Border was the national captain at the start of the last decade, a period of almost unbroken success for Australia.

His finest achievements, though, came in the 1980s, a bleak era for Australian cricket.

Border captained a side striving and generally failing to come to terms with the aftermath of World Series Cricket and a series of rebel tours to South Africa.

West Indies were at their menacing best at this period yet somehow Border battled everything they, and anybody else, could throw at him.

He averaged 56.57 in 70 overseas Tests, 45.94 in 86 home Tests for a career average of 50.56. Incredibly he also made 273 one-day international appearances.

ORDINARY SOUL

"Essentially he was an ordinary soul who accomplished extraordinary deeds," wrote Australian journalist Mike Coward in a tribute which could equally apply to Flower.

An even better comparison could be with the great Jamaican George Headley, who like Flower was largely self-taught and played for the West Indies when they, like Zimbabwe now, usually lost.

Yet Headley still averaged 60.83 in Test cricket. Figures show he was more effective on bad pitches than the peerless Don Bradman and may have been the finest batsman on all surfaces between the two world wars.

"George Headley, this West Indian, would be my candidate for a clinical study of a great batsman as a unique type of human being, mentally and physically," wrote the Trinidadian Marxist historian and cricket writer C.L.R James in his classic "Beyond a Boundary".

Flower inhabits a far smaller world with far greater opportunities than Headley enjoyed. But his achievement in coming from a cricketing backwater and turning himself by sheer force of will into a great batsman is uncannily similar.

"I don't think we have seen anyone perform against South Africa like he has," says Procter. "We've never had two innings as good as that scored against us."

Flower was disappointed but resigned after failing to reach another landmark with a double century in the second innings of the first Test.

"It's a pity I didn't get there because I was so close," he said. "But I had my opportunities and I didn't take them."

The only previous Zimbabwe batsman to score a century in both innings of a Test is Flower's younger brother Grant.

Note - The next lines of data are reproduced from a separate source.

(* Let $k$ be a perfect field of characteristic $p>0$, $P$ a finite poset, $R=\mathcal{R}_k[J(P)]$ the Hibi ring and $\mathfrak{m}=R_+$. Then \[ \operatorname{fpt}(\mathfrak{m})\le\min\{\operatorname{len}C\mid C\text{ a maximal chain in }\overline{P}\}=\min\{\operatorname{len}C\mid C\text{ a maximal chain in }P\}+2 . \]
   Context: $J(P)$ is the set of poset ideals of $P=\{p_1,\dots,p_N\}$ (down-closed subsets, including $\emptyset$ and $P$). The Hibi ring is $\mathcal{R}_k[J(P)]=k[\,T\prod_{p_i\in I}X_i\mid I\in J(P)\,]\subseteq k[T,X_1,\dots,X_N]$, each generator in degree $1$; $\mathfrak{m}=R_+$ is generated by these generators. $\overline{P}=P\cup\{-\infty,\infty\}$ with $-\infty<x<\infty$ for all $x\in P$. The length of a chain $C$ is $\#C-1$. For a real $t\ge0$, the pair $(R,\mathfrak{m}^t)$ is $F$-pure if for all large $q=p^e$ there is $d\in\mathfrak{m}^{\lceil t(q-1)\rceil}$ such that the $R$-linear map $R\to R^{1/q}$, $1\mapsto d^{1/q}$, splits; $\operatorname{fpt}(\mathfrak{m})=\sup\{t\ge0\mid(R,\mathfrak{m}^t)\text{ is }F\text{-pure}\}$. *)

From HB Require Import structures.
From mathcomp Require Import all_boot all_order all_algebra.
From mathcomp Require Import mpoly.
From mathcomp Require Import classical_sets reals ereal.
Set Implicit Arguments. Unset Strict Implicit. Unset Printing Implicit Defensive.
Import Order.TTheory GRing.Theory Num.Theory.
Local Open Scope ring_scope.

(* variable 0 is T, variable (lift ord0 i) is X_(i+1) for i : 'I_N.          *)
Notation polyR k N := (mpoly.mpoly N.+1 k).

Definition varT (k : fieldType) (N : nat) : polyR k N :=
  mpoly.mpolyX k (mpoly.mnm1 (@ord0 N)).
Definition varX (k : fieldType) (N : nat) (i : 'I_N) : polyR k N :=
  mpoly.mpolyX k (mpoly.mnm1 (lift ord0 i)).

Definition is_partial_order (N : nat) (le : rel 'I_N) : Prop :=
  [/\ reflexive le, antisymmetric le & transitive le].

Definition poset_ideal (N : nat) (le : rel 'I_N) (I : {set 'I_N}) : Prop :=
  forall x y : 'I_N, le x y -> y \in I -> x \in I.

Definition hibi_gen (k : fieldType) (N : nat) (le : rel 'I_N) (g : polyR k N) : Prop :=
  exists I : {set 'I_N}, poset_ideal le I /\ g = varT k N * \prod_(i in I) varX k i.

Inductive in_kalg (k : fieldType) (N : nat) (G : polyR k N -> Prop) : polyR k N -> Prop :=
  | kalg_const (c : k) : in_kalg G (mpoly.mpolyC N.+1 c)
  | kalg_gen g : G g -> in_kalg G g
  | kalg_add x y : in_kalg G x -> in_kalg G y -> in_kalg G (x + y)
  | kalg_mul x y : in_kalg G x -> in_kalg G y -> in_kalg G (x * y).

The pair enjoy a close relationship and, when batting together, often confuse all opponents other than South Africa by calling in Afrikaans.

They are both obsessed with physical fitness, playing squash and going on road runs together. Grant is more introverted while Andy understands the importance of the media in the modern game.

"I think as sportsmen in the public eye we're all ambassadors for our country," said Andy. During troubled times in Zimbabwe, his country could not have a finer representative.